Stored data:
■ ■ ■

(* Let $\theta$ and $\rho$ be regular infinite cardinals with $\theta < \rho < \kappa$, and let $K$ be a $\kappa$-complete ideal on $\kappa$ with $NS_\kappa|E^\kappa_\theta \subseteq K$. Then there are $c_\alpha \subseteq E^\kappa_{\geq\rho} \cap \alpha$ with $\sup c_\alpha = \alpha$, for $\alpha \in E^\kappa_\theta \cap acc(E^\kappa_{\geq\rho})$, such that $\{\alpha \in E^\kappa_\theta \cap acc(E^\kappa_{\geq\rho}) : c_\alpha \subseteq C\} \in K^+$ for every closed unbounded subset $C$ of $\kappa$.
   Context: $\kappa$ is a regular uncountable cardinal. An ideal on $\kappa$ is a nonempty $K \subseteq P(\kappa)$ with $\kappa \notin K$, every bounded subset of $\kappa$ in $K$, $K$ closed under subsets and under unions of two members; $K^+ = P(\kappa)\setminus K$; $\kappa$-complete means closed under unions of fewer than $\kappa$ members. For $A \subseteq \kappa$, $acc(A) = \{\alpha \in \kappa\setminus\{0\} : \sup(A\cap\alpha) = \alpha\}$. $E^\kappa_\theta = \{\alpha \in acc(\kappa) : \mathrm{cf}(\alpha) = \theta\}$, $E^\kappa_{\geq\rho} = \{\alpha \in acc(\kappa) : \mathrm{cf}(\alpha) \geq \rho\}$. $NS_\kappa|E^\kappa_\theta = \{B \subseteq \kappa : B \cap E^\kappa_\theta \text{ is nonstationary}\}$. *)

(* kappa is represented as a type T equipped with a strict
   well-order lt (so T, ordered by lt, has order type kappa; elements of T
   are the ordinals below kappa). *)

Section WO.
Context {T : Type} (lt : T -> T -> Prop).

Definition strict_well_order : Prop :=
  (forall x y z, lt x y -> lt y z -> lt x z) /\
  (forall x y, lt x y \/ x = y \/ lt y x) /\
  well_founded lt.

Definition le (x y : T) : Prop := lt x y \/ x = y.

Definition seg (a : T) : T -> Prop := fun x => lt x a.

Definition subset (A B : T -> Prop) : Prop := forall x, A x -> B x.

Definition equinumerous (A B : T -> Prop) : Prop :=
  exists f : T -> T,
    (forall x, A x -> B (f x)) /\
    (forall x y, A x -> A y -> f x = f y -> x = y) /\
    (forall y, B y -> exists x, A x /\ f x = y).

Definition cofinal_in (X : T -> Prop) (a : T) : Prop :=
  subset X (seg a) /\ forall b, lt b a -> exists g, X g /\ le b g.

Definition cof_eq (a g : T) : Prop :=
  (exists X, cofinal_in X a /\ equinumerous X (seg g)) /\
  (forall d, lt d g -> ~ exists X, cofinal_in X a /\ equinumerous X (seg d)).

Definition acc (A : T -> Prop) (a : T) : Prop :=
  (exists b, lt b a) /\
  forall b, lt b a -> exists g, A g /\ lt b g /\ lt g a.

Definition E_cf (th : T) (a : T) : Prop := acc (fun _ => True) a /\ cof_eq a th.

Definition E_cf_ge (rh : T) (a : T) : Prop :=
  acc (fun _ => True) a /\ exists g, cof_eq a g /\ ~ lt g rh.

Definition unbounded (X : T -> Prop) : Prop :=
  forall b, exists g, X g /\ le b g.

Definition bounded (X : T -> Prop) : Prop :=
  exists a, forall x, X x -> lt x a.

Definition club (C : T -> Prop) : Prop :=
  unbounded C /\ forall a, acc C a -> C a.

■ ■ ■

• _Task_
Copy out the lines above with "unbounded" in them.

• _Exercise answer_
(* Let $\theta$ and $\rho$ be regular infinite cardinals with $\theta < \rho < \kappa$, and let $K$ be a $\kappa$-complete ideal on $\kappa$ with $NS_\kappa|E^\kappa_\theta \subseteq K$. Then there are $c_\alpha \subseteq E^\kappa_{\geq\rho} \cap \alpha$ with $\sup c_\alpha = \alpha$, for $\alpha \in E^\kappa_\theta \cap acc(E^\kappa_{\geq\rho})$, such that $\{\alpha \in E^\kappa_\theta \cap acc(E^\kappa_{\geq\rho}) : c_\alpha \subseteq C\} \in K^+$ for every closed unbounded subset $C$ of $\kappa$.
Definition unbounded (X : T -> Prop) : Prop :=
  unbounded C /\ forall a, acc C a -> C a.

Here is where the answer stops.